> _Exercise goal_: Scan the material for "FImp". Copy every line it appears in.

*** Opening of Records supplied ***

Inductive step : config -> config -> Prop :=
| sInterp : forall A pi J,
    modelsA J A -> modelsW J A ->
    step (Cfg A None pi) (Cfg A (Some J) pi)
| sConf : forall A I pi,
    ~ EmptySatW A -> step (Cfg A I pi) Unsat
| sInitR : forall A I pi a i,
    InT (Read a i) A ->
    step (Cfg A I pi) (Cfg A I (upd pi a (Read a i) (Some (FTop, a))))
| sInitW : forall A I pi a i u,
    InT (Write a i u) A ->
    step (Cfg A I pi)
      (Cfg A I (upd pi (Write a i u) (Read (Write a i u) i) (Some (FTop, Write a i u))))
| sRowD : forall A I pi a j u b i,
    Js I (neqF i j) ->
    pi (Write a j u) (Read b i) <> None -> pi a (Read b i) = None ->
    step (Cfg A I pi) (Cfg A I (upd pi a (Read b i) (Some (neqF i j, Write a j u))))
| sRowU : forall A I pi a j u b i,
    Js I (neqF i j) -> InT (Write a j u) A ->
    pi a (Read b i) <> None -> pi (Write a j u) (Read b i) = None ->
    step (Cfg A I pi) (Cfg A I (upd pi (Write a j u) (Read b i) (Some (neqF i j, a))))
| sEqR : forall A I pi a c b i,
    Js I (FEq a c) -> InArr a A -> InArr c A -> InAtom a c A ->
    pi a (Read b i) <> None -> pi c (Read b i) = None ->
    step (Cfg A I pi) (Cfg A I (upd pi c (Read b i) (Some (FEq a c, a))))
| sEqL : forall A I pi a c b i,
    Js I (FEq a c) -> InArr a A -> InArr c A -> InAtom a c A ->
    pi c (Read b i) <> None -> pi a (Read b i) = None ->
    step (Cfg A I pi) (Cfg A I (upd pi a (Read b i) (Some (FEq a c, c))))
| sCongR : forall A I pi a b i c k R1 R2 F,
    Js I (FEq i k) ->
    pi a (Read b i) <> None -> pi a (Read c k) <> None ->
    Js I (neqF (Read b i) (Read c k)) ->
    Reason pi a (Read b i) R1 -> Reason pi a (Read c k) R2 ->
    Flatten A (FImp (FAnd (FAnd R1 R2) (FEq i k)) (FEq (Read b i) (Read c k))) F ->
    step (Cfg A I pi) (Cfg (A ++ F) None pi0)
| sDisEq : forall A I pi a c F,
    Js I (neqF a c) -> InArr a A -> InArr c A -> InAtom a c A ->
    ~ InT (KDiff a c) A -> ~ InT (KDiff c a) A ->
    Flatten A (FImp (neqF a c) (neqF (Read a (KDiff a c)) (Read c (KDiff a c)))) F ->
    step (Cfg A I pi) (Cfg (A ++ F) None pi0)
| sRoc : forall A I pi v b i R F,
    pi (CArr v) (Read b i) <> None ->
    Js I (neqF (Read b i) v) ->
    Reason pi (CArr v) (Read b i) R ->
    Flatten A (FImp R (FEq (Read b i) v)) F ->
    step (Cfg A I pi) (Cfg (A ++ F) None pi0)
| sInitC : forall A I pi v,
    InT (CArr v) A ->
    step (Cfg A I pi) (Cfg A I (upd pi (CArr v) (CArr v) (Some (FTop, CArr v))))
| sCowD : forall A I pi a j u v S,
    pi (Write a j u) (CArr v) <> None -> pi a (CArr v) = None ->
    UpdIdx pi (Write a j u) (CArr v) S ->
    Js I (exdiff (j :: S)) ->
    step (Cfg A I pi) (Cfg A I (upd pi a (CArr v) (Some (FTop, Write a j u))))
| sCowU : forall A I pi a j u v S,
    pi a (CArr v) <> None -> pi (Write a j u) (CArr v) = None ->
    InT (Write a j u) A ->
    UpdIdx pi a (CArr v) S ->
    Js I (exdiff (j :: S)) ->
    step (Cfg A I pi) (Cfg A I (upd pi (Write a j u) (CArr v) (Some (FTop, a))))
| sCEqR : forall A I pi a c v,
    Js I (FEq a c) -> InArr a A -> InArr c A -> InAtom a c A ->
    pi a (CArr v) <> None -> pi c (CArr v) = None ->
    step (Cfg A I pi) (Cfg A I (upd pi c (CArr v) (Some (FEq a c, a))))
| sCEqL : forall A I pi a c v,
    Js I (FEq a c) -> InArr a A -> InArr c A -> InAtom a c A ->
    pi c (CArr v) <> None -> pi a (CArr v) = None ->
    step (Cfg A I pi) (Cfg A I (upd pi a (CArr v) (Some (FEq a c, c))))
| sCongC : forall A I pi a v w S1 S2 R1 R2 F,
    pi a (CArr v) <> None -> pi a (CArr w) <> None ->
    Js I (neqF v w) ->
    UpdIdx pi a (CArr v) S1 -> UpdIdx pi a (CArr w) S2 ->
    Js I (exdiff (S1 ++ S2)) ->
    Reason pi a (CArr v) R1 -> Reason pi a (CArr w) R2 ->
    Flatten A (FImp (FAnd (FAnd R1 R2) (exdiff (S1 ++ S2))) (FEq v w)) F ->
    step (Cfg A I pi) (Cfg (A ++ F) None pi0).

*** Close of Records supplied ***

> _Solution below_:
    Flatten A (FImp (FAnd (FAnd R1 R2) (FEq i k)) (FEq (Read b i) (Read c k))) F ->
    Flatten A (FImp (neqF a c) (neqF (Read a (KDiff a c)) (Read c (KDiff a c)))) F ->
    Flatten A (FImp R (FEq (Read b i) v)) F ->
    Flatten A (FImp (FAnd (FAnd R1 R2) (exdiff (S1 ++ S2))) (FEq v w)) F ->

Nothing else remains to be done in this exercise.